Begin at the line containing "move=> d2; elim: l" in the data below and go on through the line containing "have [r r0 near]", repeating each line exactly; include both ends and no other line.

+--

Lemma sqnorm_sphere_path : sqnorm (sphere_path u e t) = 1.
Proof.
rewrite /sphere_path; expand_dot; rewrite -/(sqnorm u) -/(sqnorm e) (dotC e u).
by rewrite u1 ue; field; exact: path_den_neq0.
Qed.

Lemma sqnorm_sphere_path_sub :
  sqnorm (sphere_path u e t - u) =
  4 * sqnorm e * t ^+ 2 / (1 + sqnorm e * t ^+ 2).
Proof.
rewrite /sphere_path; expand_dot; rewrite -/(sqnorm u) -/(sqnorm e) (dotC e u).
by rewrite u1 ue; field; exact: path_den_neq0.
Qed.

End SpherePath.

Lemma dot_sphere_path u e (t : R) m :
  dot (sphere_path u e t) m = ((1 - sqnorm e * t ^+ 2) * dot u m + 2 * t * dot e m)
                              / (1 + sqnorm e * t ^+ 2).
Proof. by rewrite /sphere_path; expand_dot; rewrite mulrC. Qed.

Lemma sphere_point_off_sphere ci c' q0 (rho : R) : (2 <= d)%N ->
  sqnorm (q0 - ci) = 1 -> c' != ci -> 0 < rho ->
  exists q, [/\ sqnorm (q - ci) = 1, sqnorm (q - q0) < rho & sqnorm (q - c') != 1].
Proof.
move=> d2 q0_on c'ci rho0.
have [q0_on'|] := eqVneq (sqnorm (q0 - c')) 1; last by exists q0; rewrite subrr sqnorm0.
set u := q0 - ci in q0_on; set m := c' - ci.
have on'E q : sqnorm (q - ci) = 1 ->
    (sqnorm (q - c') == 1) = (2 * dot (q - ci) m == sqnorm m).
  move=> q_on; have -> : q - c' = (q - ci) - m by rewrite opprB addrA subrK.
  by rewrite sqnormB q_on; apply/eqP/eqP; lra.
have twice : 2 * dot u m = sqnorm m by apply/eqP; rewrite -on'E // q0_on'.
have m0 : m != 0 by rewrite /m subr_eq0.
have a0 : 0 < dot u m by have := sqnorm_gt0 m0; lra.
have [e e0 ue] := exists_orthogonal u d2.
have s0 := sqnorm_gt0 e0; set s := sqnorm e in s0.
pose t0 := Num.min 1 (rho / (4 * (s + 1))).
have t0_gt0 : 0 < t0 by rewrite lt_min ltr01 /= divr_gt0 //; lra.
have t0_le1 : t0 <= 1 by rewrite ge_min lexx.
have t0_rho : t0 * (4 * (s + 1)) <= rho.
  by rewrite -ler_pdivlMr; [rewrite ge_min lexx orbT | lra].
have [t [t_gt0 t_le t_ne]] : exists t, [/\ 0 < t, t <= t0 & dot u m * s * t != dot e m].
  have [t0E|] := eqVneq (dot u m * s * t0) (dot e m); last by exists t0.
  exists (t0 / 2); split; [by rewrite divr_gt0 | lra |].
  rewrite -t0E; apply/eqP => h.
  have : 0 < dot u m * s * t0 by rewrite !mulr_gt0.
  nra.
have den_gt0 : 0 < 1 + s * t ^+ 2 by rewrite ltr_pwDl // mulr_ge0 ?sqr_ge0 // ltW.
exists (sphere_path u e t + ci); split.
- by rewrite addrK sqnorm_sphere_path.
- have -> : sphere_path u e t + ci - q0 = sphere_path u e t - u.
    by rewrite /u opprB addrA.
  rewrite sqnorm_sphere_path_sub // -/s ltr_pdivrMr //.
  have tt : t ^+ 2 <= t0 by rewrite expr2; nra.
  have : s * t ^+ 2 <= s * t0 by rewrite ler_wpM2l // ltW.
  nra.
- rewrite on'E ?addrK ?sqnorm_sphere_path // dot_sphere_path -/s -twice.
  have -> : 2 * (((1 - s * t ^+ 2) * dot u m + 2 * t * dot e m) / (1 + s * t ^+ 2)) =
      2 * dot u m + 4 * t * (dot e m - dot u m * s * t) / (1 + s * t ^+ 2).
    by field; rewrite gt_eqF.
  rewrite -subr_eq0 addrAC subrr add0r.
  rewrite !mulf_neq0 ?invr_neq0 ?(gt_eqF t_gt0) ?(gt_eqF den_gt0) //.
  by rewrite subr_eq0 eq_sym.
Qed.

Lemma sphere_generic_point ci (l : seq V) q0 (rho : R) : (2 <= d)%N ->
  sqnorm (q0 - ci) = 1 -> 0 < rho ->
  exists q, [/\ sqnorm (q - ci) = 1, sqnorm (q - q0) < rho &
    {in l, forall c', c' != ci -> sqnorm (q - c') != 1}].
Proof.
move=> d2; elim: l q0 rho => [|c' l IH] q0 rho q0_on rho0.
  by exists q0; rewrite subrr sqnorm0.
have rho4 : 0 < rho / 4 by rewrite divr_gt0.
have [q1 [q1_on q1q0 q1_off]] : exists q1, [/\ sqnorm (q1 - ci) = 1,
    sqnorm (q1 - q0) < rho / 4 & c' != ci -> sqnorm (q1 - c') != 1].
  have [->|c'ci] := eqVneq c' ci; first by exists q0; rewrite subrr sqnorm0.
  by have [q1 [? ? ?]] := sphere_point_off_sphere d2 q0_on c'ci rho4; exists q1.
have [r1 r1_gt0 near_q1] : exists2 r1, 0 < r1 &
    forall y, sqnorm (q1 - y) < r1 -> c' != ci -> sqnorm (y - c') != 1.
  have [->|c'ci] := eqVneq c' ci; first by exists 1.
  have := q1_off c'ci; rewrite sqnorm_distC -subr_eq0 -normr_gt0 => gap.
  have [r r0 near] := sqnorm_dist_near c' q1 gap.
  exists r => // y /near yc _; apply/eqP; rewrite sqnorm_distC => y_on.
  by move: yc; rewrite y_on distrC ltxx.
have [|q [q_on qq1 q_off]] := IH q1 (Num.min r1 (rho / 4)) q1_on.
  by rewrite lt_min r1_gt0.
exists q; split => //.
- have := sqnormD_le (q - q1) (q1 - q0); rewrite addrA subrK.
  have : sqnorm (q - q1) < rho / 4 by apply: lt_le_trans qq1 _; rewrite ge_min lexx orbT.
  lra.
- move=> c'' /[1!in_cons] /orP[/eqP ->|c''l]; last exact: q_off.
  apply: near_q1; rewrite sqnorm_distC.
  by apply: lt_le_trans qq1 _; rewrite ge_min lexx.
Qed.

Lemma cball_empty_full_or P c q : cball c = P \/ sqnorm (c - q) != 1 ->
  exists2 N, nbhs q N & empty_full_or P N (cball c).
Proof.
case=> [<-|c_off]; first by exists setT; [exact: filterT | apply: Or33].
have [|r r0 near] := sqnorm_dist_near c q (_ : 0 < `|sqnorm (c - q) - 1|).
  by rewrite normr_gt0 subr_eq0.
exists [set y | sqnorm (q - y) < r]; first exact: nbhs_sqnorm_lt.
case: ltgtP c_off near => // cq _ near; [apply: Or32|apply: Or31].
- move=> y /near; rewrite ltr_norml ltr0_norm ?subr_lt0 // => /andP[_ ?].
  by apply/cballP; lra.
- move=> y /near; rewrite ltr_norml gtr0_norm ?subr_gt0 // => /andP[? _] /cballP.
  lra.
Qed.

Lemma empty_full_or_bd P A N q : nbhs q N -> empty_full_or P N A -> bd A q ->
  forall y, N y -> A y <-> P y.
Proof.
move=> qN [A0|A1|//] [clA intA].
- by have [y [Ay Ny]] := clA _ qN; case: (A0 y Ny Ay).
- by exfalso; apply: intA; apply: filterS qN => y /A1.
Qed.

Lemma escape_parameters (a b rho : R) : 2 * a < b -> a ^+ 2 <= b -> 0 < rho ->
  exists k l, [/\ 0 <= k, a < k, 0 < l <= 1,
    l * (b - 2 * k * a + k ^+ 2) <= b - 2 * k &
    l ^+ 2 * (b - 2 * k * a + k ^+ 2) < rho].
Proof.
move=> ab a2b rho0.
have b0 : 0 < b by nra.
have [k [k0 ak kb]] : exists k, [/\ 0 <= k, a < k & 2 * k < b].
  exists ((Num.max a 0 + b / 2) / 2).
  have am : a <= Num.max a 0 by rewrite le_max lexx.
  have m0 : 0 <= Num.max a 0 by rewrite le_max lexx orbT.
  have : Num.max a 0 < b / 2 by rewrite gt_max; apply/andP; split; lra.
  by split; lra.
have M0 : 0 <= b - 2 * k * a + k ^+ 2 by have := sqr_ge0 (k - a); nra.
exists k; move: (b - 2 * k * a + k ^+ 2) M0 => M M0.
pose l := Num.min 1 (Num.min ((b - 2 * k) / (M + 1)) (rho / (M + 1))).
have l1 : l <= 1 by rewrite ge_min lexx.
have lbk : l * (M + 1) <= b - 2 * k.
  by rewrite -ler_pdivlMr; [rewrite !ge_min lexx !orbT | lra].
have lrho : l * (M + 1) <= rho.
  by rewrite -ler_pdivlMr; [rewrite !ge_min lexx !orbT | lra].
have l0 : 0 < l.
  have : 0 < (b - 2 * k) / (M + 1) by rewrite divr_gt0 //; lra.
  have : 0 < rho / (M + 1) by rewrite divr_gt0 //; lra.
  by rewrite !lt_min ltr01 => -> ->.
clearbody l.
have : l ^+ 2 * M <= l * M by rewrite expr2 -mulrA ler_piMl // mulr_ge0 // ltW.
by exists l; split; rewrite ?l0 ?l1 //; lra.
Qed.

+--

**Finished exercise**
move=> d2; elim: l q0 rho => [|c' l IH] q0 rho q0_on rho0.
  by exists q0; rewrite subrr sqnorm0.
have rho4 : 0 < rho / 4 by rewrite divr_gt0.
have [q1 [q1_on q1q0 q1_off]] : exists q1, [/\ sqnorm (q1 - ci) = 1,
    sqnorm (q1 - q0) < rho / 4 & c' != ci -> sqnorm (q1 - c') != 1].
  have [->|c'ci] := eqVneq c' ci; first by exists q0; rewrite subrr sqnorm0.
  by have [q1 [? ? ?]] := sphere_point_off_sphere d2 q0_on c'ci rho4; exists q1.
have [r1 r1_gt0 near_q1] : exists2 r1, 0 < r1 &
    forall y, sqnorm (q1 - y) < r1 -> c' != ci -> sqnorm (y - c') != 1.
  have [->|c'ci] := eqVneq c' ci; first by exists 1.
  have := q1_off c'ci; rewrite sqnorm_distC -subr_eq0 -normr_gt0 => gap.
  have [r r0 near] := sqnorm_dist_near c' q1 gap.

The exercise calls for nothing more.